About this exercise: The answer should be an exact repeat of the stretch of material below from the line containing "- rewrite Nat.add_0_r, Z.add_0_r; lra." through the line containing "destruct (Hf (h".
(Records for the task begins)
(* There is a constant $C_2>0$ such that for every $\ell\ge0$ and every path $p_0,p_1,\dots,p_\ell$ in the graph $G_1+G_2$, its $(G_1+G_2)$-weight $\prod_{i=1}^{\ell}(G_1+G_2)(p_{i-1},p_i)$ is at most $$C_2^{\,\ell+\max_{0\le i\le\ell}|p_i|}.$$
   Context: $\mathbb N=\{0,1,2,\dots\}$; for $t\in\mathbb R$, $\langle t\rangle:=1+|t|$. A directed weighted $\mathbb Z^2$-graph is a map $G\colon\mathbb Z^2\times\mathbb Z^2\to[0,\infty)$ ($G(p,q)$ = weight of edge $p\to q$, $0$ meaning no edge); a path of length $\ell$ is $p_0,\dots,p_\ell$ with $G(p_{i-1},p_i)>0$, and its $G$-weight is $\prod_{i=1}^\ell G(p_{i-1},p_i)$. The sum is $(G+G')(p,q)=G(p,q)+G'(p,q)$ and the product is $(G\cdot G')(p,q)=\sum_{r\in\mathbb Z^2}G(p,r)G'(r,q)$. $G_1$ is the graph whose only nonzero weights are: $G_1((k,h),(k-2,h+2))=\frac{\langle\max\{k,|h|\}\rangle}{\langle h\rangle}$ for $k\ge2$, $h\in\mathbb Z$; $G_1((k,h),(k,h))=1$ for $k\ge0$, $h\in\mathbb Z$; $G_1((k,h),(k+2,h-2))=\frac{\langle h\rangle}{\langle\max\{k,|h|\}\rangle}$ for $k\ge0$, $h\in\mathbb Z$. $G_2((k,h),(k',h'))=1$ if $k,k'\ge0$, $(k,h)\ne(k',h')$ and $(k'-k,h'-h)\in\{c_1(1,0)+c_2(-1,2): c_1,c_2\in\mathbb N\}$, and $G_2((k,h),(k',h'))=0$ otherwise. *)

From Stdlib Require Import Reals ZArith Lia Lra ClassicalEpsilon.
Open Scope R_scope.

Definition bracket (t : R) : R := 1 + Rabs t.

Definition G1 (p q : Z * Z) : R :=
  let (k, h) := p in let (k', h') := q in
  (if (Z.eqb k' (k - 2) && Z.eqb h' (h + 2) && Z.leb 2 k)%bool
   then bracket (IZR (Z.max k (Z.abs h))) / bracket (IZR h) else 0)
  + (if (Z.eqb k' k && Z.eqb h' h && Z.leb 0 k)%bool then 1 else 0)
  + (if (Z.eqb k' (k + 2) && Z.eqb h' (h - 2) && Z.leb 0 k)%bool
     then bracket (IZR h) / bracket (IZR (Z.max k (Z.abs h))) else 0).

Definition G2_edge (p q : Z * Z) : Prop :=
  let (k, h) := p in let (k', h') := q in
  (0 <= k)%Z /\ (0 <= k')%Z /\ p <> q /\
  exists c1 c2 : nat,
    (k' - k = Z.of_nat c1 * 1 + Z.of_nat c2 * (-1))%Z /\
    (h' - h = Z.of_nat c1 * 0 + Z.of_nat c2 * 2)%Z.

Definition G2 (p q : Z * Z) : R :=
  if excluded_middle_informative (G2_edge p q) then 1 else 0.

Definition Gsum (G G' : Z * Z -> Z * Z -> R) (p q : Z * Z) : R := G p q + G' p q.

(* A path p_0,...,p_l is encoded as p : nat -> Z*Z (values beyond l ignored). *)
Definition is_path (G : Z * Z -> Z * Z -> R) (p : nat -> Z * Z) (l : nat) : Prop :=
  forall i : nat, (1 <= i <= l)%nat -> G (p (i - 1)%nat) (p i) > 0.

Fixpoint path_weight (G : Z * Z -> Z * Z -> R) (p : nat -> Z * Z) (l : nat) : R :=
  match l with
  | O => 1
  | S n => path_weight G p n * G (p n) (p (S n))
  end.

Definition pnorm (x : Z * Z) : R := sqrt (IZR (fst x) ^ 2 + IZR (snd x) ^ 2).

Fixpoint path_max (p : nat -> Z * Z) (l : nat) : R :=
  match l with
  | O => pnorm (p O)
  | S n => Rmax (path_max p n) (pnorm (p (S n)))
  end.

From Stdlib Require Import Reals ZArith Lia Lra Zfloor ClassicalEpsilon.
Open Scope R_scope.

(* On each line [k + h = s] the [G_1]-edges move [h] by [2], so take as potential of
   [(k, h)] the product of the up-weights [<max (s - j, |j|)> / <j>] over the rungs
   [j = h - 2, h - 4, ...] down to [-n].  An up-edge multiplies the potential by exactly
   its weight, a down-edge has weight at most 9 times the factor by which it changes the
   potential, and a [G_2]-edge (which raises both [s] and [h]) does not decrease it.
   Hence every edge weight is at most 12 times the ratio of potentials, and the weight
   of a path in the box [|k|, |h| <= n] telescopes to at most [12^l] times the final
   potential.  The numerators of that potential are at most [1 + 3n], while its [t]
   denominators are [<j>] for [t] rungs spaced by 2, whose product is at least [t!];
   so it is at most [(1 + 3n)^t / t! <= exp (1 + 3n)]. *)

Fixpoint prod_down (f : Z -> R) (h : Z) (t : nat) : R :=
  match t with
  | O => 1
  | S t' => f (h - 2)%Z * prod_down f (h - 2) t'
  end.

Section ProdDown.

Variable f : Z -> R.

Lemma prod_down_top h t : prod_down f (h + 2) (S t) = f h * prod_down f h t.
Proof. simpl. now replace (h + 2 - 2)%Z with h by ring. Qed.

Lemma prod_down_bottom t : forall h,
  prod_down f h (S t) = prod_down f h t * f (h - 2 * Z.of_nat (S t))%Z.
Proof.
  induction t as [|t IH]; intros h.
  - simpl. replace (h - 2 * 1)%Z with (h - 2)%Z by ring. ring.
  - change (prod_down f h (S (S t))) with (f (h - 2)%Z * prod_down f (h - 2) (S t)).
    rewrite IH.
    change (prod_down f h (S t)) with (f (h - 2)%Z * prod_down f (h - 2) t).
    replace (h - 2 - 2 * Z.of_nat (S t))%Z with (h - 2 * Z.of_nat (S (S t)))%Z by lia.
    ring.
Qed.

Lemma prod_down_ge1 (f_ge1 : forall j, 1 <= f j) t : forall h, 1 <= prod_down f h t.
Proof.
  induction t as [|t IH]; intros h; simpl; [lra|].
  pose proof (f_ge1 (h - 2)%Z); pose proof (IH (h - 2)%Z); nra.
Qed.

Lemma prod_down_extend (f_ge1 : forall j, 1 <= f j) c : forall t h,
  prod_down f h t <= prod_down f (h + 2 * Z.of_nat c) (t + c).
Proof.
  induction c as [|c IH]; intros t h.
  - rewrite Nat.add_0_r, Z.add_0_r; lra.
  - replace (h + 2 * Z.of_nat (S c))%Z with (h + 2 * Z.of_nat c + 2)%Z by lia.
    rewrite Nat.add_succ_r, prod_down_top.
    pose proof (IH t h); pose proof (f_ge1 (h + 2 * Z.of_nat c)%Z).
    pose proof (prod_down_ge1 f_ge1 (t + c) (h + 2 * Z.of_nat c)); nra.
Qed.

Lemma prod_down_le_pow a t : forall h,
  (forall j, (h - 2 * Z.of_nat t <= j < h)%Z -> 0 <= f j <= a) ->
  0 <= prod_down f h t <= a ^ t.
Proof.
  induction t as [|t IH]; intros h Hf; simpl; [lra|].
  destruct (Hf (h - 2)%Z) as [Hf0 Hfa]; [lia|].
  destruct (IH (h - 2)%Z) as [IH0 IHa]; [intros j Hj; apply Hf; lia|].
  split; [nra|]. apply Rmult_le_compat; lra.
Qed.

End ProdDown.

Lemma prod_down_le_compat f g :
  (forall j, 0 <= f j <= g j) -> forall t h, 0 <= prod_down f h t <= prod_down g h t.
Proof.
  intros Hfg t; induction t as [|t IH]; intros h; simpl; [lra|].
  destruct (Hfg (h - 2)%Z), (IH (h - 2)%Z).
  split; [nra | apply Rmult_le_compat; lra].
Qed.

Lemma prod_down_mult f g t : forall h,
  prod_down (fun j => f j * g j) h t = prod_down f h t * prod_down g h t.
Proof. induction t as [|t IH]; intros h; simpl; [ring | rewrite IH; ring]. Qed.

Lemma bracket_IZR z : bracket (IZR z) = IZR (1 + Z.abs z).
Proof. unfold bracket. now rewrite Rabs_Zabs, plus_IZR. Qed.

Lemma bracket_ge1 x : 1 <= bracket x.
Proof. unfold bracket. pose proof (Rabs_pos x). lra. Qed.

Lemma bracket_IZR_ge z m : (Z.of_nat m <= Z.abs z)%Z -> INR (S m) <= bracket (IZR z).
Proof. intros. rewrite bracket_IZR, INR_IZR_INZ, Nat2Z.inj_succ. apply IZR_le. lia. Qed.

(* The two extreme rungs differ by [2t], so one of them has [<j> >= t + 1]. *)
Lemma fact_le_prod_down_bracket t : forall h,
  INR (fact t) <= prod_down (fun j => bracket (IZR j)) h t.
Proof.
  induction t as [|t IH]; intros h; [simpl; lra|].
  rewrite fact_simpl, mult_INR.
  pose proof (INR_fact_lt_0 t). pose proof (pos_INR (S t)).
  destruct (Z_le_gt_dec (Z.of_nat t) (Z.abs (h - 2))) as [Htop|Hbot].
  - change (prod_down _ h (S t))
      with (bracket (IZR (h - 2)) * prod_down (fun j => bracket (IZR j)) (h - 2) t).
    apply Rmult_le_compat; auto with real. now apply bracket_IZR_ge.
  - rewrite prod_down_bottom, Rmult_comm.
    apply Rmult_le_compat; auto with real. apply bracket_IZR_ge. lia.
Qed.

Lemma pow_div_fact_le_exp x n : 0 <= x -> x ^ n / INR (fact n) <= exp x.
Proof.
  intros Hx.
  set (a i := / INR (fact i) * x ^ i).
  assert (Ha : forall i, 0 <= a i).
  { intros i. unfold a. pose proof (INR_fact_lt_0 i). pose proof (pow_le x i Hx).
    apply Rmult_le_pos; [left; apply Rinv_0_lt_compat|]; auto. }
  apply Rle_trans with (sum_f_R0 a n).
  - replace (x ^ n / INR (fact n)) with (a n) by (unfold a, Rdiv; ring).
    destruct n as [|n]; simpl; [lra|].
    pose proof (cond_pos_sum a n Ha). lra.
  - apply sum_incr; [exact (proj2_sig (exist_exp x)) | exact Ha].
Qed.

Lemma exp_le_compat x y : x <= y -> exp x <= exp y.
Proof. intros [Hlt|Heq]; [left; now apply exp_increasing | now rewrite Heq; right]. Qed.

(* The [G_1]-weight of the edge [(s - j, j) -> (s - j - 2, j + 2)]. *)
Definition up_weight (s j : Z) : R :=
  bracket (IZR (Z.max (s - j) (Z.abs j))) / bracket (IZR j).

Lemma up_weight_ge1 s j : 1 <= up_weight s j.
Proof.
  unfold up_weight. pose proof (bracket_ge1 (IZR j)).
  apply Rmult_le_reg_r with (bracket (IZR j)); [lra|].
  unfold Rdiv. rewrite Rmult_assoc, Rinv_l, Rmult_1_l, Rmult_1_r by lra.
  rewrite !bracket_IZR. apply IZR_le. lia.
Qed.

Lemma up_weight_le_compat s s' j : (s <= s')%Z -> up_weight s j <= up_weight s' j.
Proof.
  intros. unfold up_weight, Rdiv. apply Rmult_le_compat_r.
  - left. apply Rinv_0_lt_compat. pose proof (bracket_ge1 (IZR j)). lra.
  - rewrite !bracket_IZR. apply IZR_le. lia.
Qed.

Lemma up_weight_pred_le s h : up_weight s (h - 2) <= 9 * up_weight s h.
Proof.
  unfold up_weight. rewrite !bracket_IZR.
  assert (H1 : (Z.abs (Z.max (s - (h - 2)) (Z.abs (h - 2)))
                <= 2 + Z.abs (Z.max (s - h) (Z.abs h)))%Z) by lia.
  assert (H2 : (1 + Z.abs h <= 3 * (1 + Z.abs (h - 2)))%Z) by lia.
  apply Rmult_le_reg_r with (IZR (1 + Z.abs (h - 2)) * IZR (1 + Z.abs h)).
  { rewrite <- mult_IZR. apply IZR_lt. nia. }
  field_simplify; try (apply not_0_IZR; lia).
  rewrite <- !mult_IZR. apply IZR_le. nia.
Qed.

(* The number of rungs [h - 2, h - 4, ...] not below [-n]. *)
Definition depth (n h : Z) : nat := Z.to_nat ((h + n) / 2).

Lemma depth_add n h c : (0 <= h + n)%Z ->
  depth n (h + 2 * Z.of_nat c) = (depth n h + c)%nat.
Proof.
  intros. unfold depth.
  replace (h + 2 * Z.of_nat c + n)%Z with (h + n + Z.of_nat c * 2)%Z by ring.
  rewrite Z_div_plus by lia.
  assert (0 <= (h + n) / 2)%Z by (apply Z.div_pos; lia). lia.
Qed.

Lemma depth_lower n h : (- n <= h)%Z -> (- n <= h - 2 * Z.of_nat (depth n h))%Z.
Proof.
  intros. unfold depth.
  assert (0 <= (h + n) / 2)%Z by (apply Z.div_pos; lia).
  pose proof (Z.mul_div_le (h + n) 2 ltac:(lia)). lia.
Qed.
(Records for the task ends)
(Records for the task begins)
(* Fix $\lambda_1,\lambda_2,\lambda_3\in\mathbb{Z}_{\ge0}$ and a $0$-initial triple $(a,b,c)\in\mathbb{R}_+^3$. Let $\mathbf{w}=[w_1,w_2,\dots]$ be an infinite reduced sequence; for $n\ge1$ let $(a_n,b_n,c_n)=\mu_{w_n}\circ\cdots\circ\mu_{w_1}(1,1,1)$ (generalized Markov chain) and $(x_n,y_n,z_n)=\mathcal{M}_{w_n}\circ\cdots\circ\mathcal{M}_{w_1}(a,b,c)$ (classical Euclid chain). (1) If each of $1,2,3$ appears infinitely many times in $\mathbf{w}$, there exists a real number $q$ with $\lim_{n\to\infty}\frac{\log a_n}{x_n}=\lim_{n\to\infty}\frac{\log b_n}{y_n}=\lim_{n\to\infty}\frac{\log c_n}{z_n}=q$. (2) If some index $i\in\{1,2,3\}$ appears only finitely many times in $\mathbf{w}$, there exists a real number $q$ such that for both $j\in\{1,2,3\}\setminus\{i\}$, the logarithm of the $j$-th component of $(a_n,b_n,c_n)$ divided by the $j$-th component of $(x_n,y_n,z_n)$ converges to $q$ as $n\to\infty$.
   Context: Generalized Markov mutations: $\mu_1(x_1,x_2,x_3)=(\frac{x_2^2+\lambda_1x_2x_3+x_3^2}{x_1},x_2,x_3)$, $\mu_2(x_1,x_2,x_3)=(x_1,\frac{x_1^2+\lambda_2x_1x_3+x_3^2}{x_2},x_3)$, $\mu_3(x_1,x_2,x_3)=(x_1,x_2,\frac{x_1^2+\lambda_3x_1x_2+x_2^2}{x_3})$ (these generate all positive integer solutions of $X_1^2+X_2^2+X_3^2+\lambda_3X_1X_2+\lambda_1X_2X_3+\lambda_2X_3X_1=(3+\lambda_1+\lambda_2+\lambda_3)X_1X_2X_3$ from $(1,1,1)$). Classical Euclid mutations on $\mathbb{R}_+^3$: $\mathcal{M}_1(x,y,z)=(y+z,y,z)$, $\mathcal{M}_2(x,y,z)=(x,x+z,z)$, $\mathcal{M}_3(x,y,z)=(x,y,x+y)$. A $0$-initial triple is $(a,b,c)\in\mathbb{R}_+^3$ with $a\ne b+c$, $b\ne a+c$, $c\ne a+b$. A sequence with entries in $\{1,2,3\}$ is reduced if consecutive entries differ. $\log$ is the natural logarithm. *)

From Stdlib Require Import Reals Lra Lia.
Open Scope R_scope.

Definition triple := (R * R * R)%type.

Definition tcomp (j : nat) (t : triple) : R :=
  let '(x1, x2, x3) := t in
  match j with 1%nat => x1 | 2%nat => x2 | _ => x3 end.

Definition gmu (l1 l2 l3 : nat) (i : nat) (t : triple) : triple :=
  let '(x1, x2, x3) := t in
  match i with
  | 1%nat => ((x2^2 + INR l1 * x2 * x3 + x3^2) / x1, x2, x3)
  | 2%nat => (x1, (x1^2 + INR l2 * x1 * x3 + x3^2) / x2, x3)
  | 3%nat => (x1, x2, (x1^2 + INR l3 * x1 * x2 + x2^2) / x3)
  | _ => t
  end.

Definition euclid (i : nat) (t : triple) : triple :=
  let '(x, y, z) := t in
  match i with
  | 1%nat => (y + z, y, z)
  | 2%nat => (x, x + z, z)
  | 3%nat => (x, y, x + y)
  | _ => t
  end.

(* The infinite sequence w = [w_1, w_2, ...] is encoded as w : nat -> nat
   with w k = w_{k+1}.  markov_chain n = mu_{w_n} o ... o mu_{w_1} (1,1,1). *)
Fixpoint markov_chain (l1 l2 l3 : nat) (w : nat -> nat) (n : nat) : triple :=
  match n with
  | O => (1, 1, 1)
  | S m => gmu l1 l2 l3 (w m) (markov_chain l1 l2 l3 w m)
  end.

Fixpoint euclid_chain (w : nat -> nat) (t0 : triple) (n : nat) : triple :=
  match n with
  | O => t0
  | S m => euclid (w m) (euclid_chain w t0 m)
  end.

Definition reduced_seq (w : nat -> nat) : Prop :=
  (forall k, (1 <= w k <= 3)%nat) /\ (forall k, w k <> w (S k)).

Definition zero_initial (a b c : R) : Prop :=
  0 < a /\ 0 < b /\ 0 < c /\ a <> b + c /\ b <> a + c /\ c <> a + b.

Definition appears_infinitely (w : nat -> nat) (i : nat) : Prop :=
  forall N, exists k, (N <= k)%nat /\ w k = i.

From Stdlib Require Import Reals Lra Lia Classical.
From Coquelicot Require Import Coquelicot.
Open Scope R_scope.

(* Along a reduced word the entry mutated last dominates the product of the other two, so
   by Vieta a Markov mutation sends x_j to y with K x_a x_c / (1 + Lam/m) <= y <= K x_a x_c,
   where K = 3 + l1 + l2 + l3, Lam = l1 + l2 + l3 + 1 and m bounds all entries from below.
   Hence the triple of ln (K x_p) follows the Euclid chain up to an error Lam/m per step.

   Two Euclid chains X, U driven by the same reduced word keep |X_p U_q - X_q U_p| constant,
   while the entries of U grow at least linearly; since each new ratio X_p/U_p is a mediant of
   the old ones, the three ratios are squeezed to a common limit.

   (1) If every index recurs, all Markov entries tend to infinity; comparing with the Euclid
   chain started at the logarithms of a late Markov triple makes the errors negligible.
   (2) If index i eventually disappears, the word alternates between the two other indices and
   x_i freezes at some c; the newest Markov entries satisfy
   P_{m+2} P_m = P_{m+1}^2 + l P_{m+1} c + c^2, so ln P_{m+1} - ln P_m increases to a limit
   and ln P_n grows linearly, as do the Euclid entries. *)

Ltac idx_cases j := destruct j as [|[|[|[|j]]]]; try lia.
(Records for the task ends)
Solution for this task:
  - rewrite Nat.add_0_r, Z.add_0_r; lra.
  - replace (h + 2 * Z.of_nat (S c))%Z with (h + 2 * Z.of_nat c + 2)%Z by lia.
    rewrite Nat.add_succ_r, prod_down_top.
    pose proof (IH t h); pose proof (f_ge1 (h + 2 * Z.of_nat c)%Z).
    pose proof (prod_down_ge1 f_ge1 (t + c) (h + 2 * Z.of_nat c)); nra.
Qed.

Lemma prod_down_le_pow a t : forall h,
  (forall j, (h - 2 * Z.of_nat t <= j < h)%Z -> 0 <= f j <= a) ->
  0 <= prod_down f h t <= a ^ t.
Proof.
  induction t as [|t IH]; intros h Hf; simpl; [lra|].
  destruct (Hf (h - 2)%Z) as [Hf0 Hfa]; [lia|].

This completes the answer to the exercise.